• **REQUIRED WORK**
Go through the listing below and show each line that has the word "exact".

• **RECORDS SHOWN**
Lemma coset_sum_not_dvd q m e j k k' : 1 < q -> 0 < m ->
  e < delta_max q m -> 0 < j < delta_max q m ->
  ~~ (q ^ m - 1 %| e * q ^ k + (j * q ^ k') %% (q ^ m - 1)).
Proof.
move=> q_gt1 m_gt0 eD /andP[j_gt0 jD]; set n := q ^ m - 1.
have q_gt0 : 0 < q by lia.
set s := m - k' %% m.
have qk's : q ^ (k' + s) = 1 %[mod n].
  rewrite (@expn_mod_predn q m _ q_gt0) -modnDml addnC subnK ?modnn ?expn0 //.
  exact/ltnW/ltn_pmod.
apply/negP; rewrite /dvdn modnDmr => /eqP/(congr1 (fun x => x * q ^ s %% n)).
rewrite mod0n modnMml mulnDl -!mulnA -!expnD -modnDmr -modnMmr qk's modnMmr muln1.
rewrite modnDmr -modnDml => /eqP; rewrite -/(dvdn _ _) => dvd.
have := @cyclotomic_coset_bound q m e (k + s) q_gt1 m_gt0 eD; rewrite -/n => bound.
have : (e * q ^ (k + s)) %% n + j < n by apply: leq_trans bound; rewrite ltn_add2l.
by rewrite ltnNge dvdn_leq // ltn_addl.
Qed.

Local Open Scope ring_scope.

Section FiniteFieldTrace.
Variables (F L : finFieldType) (f : {rmorphism F -> L}) (q m : nat).
Hypotheses (card_F : #|F| = q) (m_gt0 : (0 < m)%N) (card_L : #|L| = (q ^ m)%N).

Lemma card_F_gt1 : (1 < q)%N. Proof. by rewrite -card_F finNzRing_gt1. Qed.

Lemma pchar_nat_card_F : [pchar L].-nat q.
Proof.
have [p p_pr pcharFp] := finPcharP F.
have := abelem_pgroup (fin_ring_pchar_abelem pcharFp).
rewrite /pgroup cardsT card_F; apply: sub_in_pnat => r _.
by rewrite inE => /eqP ->; apply: rmorph_pchar pcharFp.
Qed.

Lemma exprD_qpow k (x y : L) : (x + y) ^+ (q ^ k) = x ^+ (q ^ k) + y ^+ (q ^ k).
Proof. by apply: exprDn_pchar; rewrite pnatX pchar_nat_card_F. Qed.

Lemma fmorph_expr_qpow k a : f a ^+ (q ^ k) = f a.
Proof.
elim: k => [|k IHk]; first by rewrite expr1.
by rewrite expnSr exprM IHk -rmorphXn -card_F expf_card.
Qed.

Lemma fixed_expr_q_in_codom (x : L) : x ^+ q = x -> x \in codom f.
Proof.
move=> xq; have := congr1 (map_poly f) (finField_genPoly F).
rewrite rmorphB /= map_polyXn map_polyX rmorph_prod /= card_F => genL.
have : root ('X^q - 'X) x by rewrite rootE !hornerE xq subrr.
rewrite genL rootE horner_prod => /prodf_eq0[a _].
by rewrite map_polyXsubC hornerXsubC subr_eq0 => /eqP ->; apply: codom_f.
Qed.

Lemma expr0_qpow k : (0 : L) ^+ (q ^ k) = 0.
Proof. by rewrite expr0n expn_eq0 eqn0Ngt (ltnW card_F_gt1). Qed.

Lemma expr_qpow_sum k N (g : 'I_N -> L) :
  (\sum_(i < N) g i) ^+ (q ^ k) = \sum_(i < N) g i ^+ (q ^ k).
Proof. exact: (big_morph _ (exprD_qpow k) (expr0_qpow k)). Qed.

Lemma expr_qpow_mod (x : L) t : x ^+ (q ^ t) = x ^+ (q ^ (t %% m))%N.
Proof.
rewrite {1}(divn_eq t m) expnD exprM; congr (_ ^+ _).
elim: (t %/ m)%N => [|c IHc]; first by rewrite mul0n expr1.
by rewrite mulSn expnD exprM -card_L expf_card.
Qed.

Definition trace (x : L) := \sum_(k < m) x ^+ (q ^ k).

Lemma traceD x y : trace (x + y) = trace x + trace y.
Proof. by rewrite -big_split; apply: eq_bigr => k _; rewrite exprD_qpow. Qed.

Lemma trace0 : trace 0 = 0.
Proof. by rewrite /trace big1 // => k _; rewrite expr0_qpow. Qed.

Lemma trace_sum N (g : 'I_N -> L) : trace (\sum_(i < N) g i) = \sum_(i < N) trace (g i).
Proof. exact: (big_morph trace traceD trace0). Qed.

Lemma trace_fmorphM a x : trace (f a * x) = f a * trace x.
Proof.
by rewrite mulr_sumr; apply: eq_bigr => k _; rewrite exprMn fmorph_expr_qpow.
Qed.

Lemma trace_in_codom x : trace x \in codom f.
Proof.
apply: fixed_expr_q_in_codom; rewrite -[X in _ ^+ X]expn1 expr_qpow_sum.
rewrite [RHS](reindex_inj (@ordS_inj m)) /=; apply: eq_bigr => k _.
by rewrite -exprM -expnSr [in LHS]expr_qpow_mod.
Qed.

Lemma trace_neq0 : exists x, trace x != 0.
Proof.
have [x tr_x | tr0] := pickP (fun x => trace x != 0); first by exists x.
pose P : {poly L} := \sum_(k < m) 'X^(q ^ k).
have q_gt1 := card_F_gt1.
have coefP : P`_(q ^ m.-1) = 1.
  rewrite coef_sum -(prednK m_gt0) big_ord_recr /= coefXn eqxx big1 ?add0r // => k _.
  by rewrite coefXn eqn_exp2l // eq_sym (ltn_eqF (ltn_ord k)).
have sizeP : (size P <= (q ^ m.-1).+1)%N.
  apply: leq_trans (size_sum _ _ _) _; apply/bigmax_leqP => k _.
  by rewrite size_polyXn ltnS leq_pexp2l ?(ltnW q_gt1) // -ltnS prednK.
have P_neq0 : P != 0.
  by apply: contra_eqN coefP => /eqP ->; rewrite coef0 eq_sym oner_eq0.
have rootsP : all (root P) (enum L).
  apply/allP => x _; rewrite rootE horner_sum.
  under eq_bigr => k _ do rewrite hornerXn.
  exact: negbFE (tr0 x).
have := leq_trans (max_poly_roots P_neq0 rootsP (enum_uniq L)) sizeP.
by rewrite -cardE card_L ltnS leqNgt ltn_exp2l // ltn_predL m_gt0.
Qed.

Lemma trace_nondegenerate g : (forall b, trace (b * g) = 0) -> g = 0.
Proof.
move=> tr_bg0; apply/eqP/contraT => g_neq0.
by have [x] := trace_neq0; rewrite -(divfK g_neq0 x) tr_bg0 eqxx.
Qed.
End FiniteFieldTrace.

Section BCHBound.
Variables (F L : finFieldType) (f : {rmorphism F -> L}) (n : nat) (alpha : L).
Hypothesis alpha_prim : n.-primitive_root alpha.

Lemma eq_prim_expr_ord (i j : 'I_n) : (alpha ^+ i == alpha ^+ j) = (i == j).
Proof. by rewrite (eq_prim_root_expr alpha_prim) !modn_small. Qed.

Definition syndrome (y : 'rV[F]_n) (e : nat) :=
  \sum_(i < n) f (y 0 i) * alpha ^+ (i * e).

Lemma bch_bound D (y : 'rV[F]_n) :
  y != 0 -> (forall e, (e < D)%N -> syndrome y e = 0) -> (D < hweight y)%N.
Proof.
move=> y_neq0 syn0; rewrite ltnNge; apply/negP => wtD.
have [i0 yi0] : exists i0, y 0 i0 != 0.
  apply/existsP; apply: contraNT y_neq0; rewrite negb_exists => /forallP y0.
  by apply/eqP/rowP => i; rewrite mxE; apply/eqP/negPn.
set S := [set i | y 0 i != 0].
pose P : {poly L} := \prod_(i in S :\ i0) ('X - (alpha ^+ i)%:P).
have sizeP : (size P <= D)%N.
  rewrite /P -big_enum size_prod_XsubC -cardE.
  by move: wtD; rewrite /hweight -/S (cardsD1 i0 S) inE yi0.
have syn_sum :
    \sum_(e < D) P`_e * syndrome y e = \sum_(i < n) f (y 0 i) * P.[alpha ^+ i].
  under eq_bigr => e _ do rewrite mulr_sumr.
  rewrite exchange_big; apply: eq_bigr => i _.
  rewrite (horner_coef_wide _ sizeP) mulr_sumr; apply: eq_bigr => e _.
  by rewrite mulrCA exprM.
have syn_i0 :
    \sum_(i < n) f (y 0 i) * P.[alpha ^+ i] = f (y 0 i0) * P.[alpha ^+ i0].
  rewrite (bigD1 i0) //= big1 ?addr0 // => i i_neq0.
  have [->|yi] := eqVneq (y 0 i) 0; first by rewrite rmorph0 mul0r.
  have iS : i \in S :\ i0 by rewrite !inE i_neq0 yi.
  by rewrite horner_prod (bigD1 i) //= hornerXsubC subrr mul0r mulr0.
move: syn_sum; rewrite syn_i0 big1 => [|e _]; last by rewrite syn0 ?mulr0.
move/esym/eqP; rewrite mulf_eq0 fmorph_eq0 (negbTE yi0) /=; apply/negP.
rewrite horner_prod; apply/prodf_neq0 => j; rewrite !inE => /andP[j_neq0 _].
by rewrite hornerXsubC subr_eq0 eq_prim_expr_ord eq_sym.
Qed.
End BCHBound.

Lemma sum_expr_unity_eq0 (R : idomainType) (g : R) N :
  g ^+ N = 1 -> g != 1 -> \sum_(i < N) g ^+ i = 0.
Proof.
move=> gN g_neq1; apply/eqP; have := subrX1 g N; rewrite gN subrr => /esym/eqP.
by rewrite mulf_eq0 subr_eq0 (negbTE g_neq1).
Qed.

Section DualBCH.
Variables (F L : finFieldType) (f : {rmorphism F -> L}) (q m delta : nat).
Variable alpha : L.
Hypotheses (card_F : #|F| = q) (m_gt0 : (0 < m)%N) (card_L : #|L| = (q ^ m)%N).
Local Notation n := (q ^ m - 1)%N.
Hypothesis alpha_prim : n.-primitive_root alpha.

Lemma trace_word_in_BCH b e (c : 'rV[F]_n) :
  (forall i : 'I_n, f (c 0 i) = trace q m (b * alpha ^+ (i * e))) ->
  (forall z, z \in bch_Z q m n delta -> forall k : 'I_m, ~~ (n %| e * q ^ k + z)%N) ->
  c \in BCH_code f alpha q m n delta.
Proof.
move=> c_tr Z_avoid; rewrite inE /bch_gen -big_enum /=.
rewrite -(big_map (fun z : 'I_n => alpha ^+ z) xpredT (fun r => 'X - r%:P)).
apply: uniq_roots_dvdp; last first.
  rewrite uniq_rootsE map_inj_uniq ?enum_uniq // => z1 z2 /eqP.
  by rewrite (eq_prim_expr_ord alpha_prim) => /eqP.
apply/allP => _ /mapP[z zZ ->]; rewrite mem_enum in zZ; rewrite rootE horner_sum.
under eq_bigr => i _ do rewrite hornerCM hornerXn c_tr /trace mulr_suml.
rewrite exchange_big big1 // => k _.
rewrite (eq_bigr (fun i : 'I_n => b ^+ (q ^ k) * (alpha ^+ (e * q ^ k + z)) ^+ i)).
  rewrite -mulr_sumr sum_expr_unity_eq0 ?mulr0 //.
    by rewrite exprAC (prim_expr_order alpha_prim) expr1n.
  by rewrite -(expr0 alpha) (eq_prim_root_expr alpha_prim) mod0n Z_avoid.
move=> i _; rewrite exprMn -!exprM -mulrA -exprD; congr (_ * alpha ^+ _).
by rewrite mulnDl (mulnC i) mulnAC.
Qed.

Lemma dual_syndrome_eq0 (y : 'rV[F]_n) e :
  y \in dual_code (BCH_code f alpha q m n delta) ->
  (forall z, z \in bch_Z q m n delta -> forall k : 'I_m, ~~ (n %| e * q ^ k + z)%N) ->
  syndrome f alpha y e = 0.
Proof.
move=> y_dual Z_avoid; apply: (trace_nondegenerate card_F m_gt0 card_L) => b.
have tr_im i := trace_in_codom f card_F card_L (b * alpha ^+ (i * e)).
pose c : 'rV[F]_n := \row_i iinv (tr_im i).
have c_tr i : f (c 0 i) = trace q m (b * alpha ^+ (i * e)) by rewrite mxE f_iinv.
have c_in := trace_word_in_BCH c_tr Z_avoid.
move: y_dual; rewrite inE => /forallP/(_ c)/implyP/(_ c_in)/eqP/(congr1 f).
rewrite rmorph0 rmorph_sum => <-; rewrite mulr_sumr (trace_sum f m card_F).
apply: eq_bigr => i _.
by rewrite rmorphM c_tr mulrCA (trace_fmorphM f m card_F) mulrC.
Qed.
End DualBCH.

Theorem mainTheorem8
  (F L : finFieldType) (f : {rmorphism F -> L}) (q m : nat) (alpha : L)
  (delta : nat) :
  #|F| = q -> (2 <= m)%N -> #|L| = (q ^ m)%N ->
  (q ^ m - 1)%N.-primitive_root alpha ->
  (2 <= delta <= delta_max q m)%N ->
  forall y : 'rV[F]_(q ^ m - 1),
    y \in dual_code (BCH_code f alpha q m (q ^ m - 1) delta) ->
    y != 0 ->
    (delta_max q m + 1 <= hweight y)%N.
Proof.
move=> card_F m_ge2 card_L alpha_prim /andP[_ delta_le] y y_dual y_neq0.
have m_gt0 : (0 < m)%N by apply: ltnW.
rewrite addn1; apply: (bch_bound alpha_prim y_neq0) => e e_lt.
apply: (dual_syndrome_eq0 card_F m_gt0 card_L alpha_prim y_dual) => z.
rewrite inE => /existsP[j /andP[/andP[j_gt0 j_lt] /existsP[k' /eqP ->]]] k.
apply: coset_sum_not_dvd => //; first exact: card_F_gt1 card_F.
by rewrite j_gt0 (leq_trans j_lt delta_le).
Qed.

• **TASK SOLUTION**
  exact/ltnW/ltn_pmod.
Proof. exact: (big_morph _ (exprD_qpow k) (expr0_qpow k)). Qed.
Proof. exact: (big_morph trace traceD trace0). Qed.
  exact: negbFE (tr0 x).
apply: coset_sum_not_dvd => //; first exact: card_F_gt1 card_F.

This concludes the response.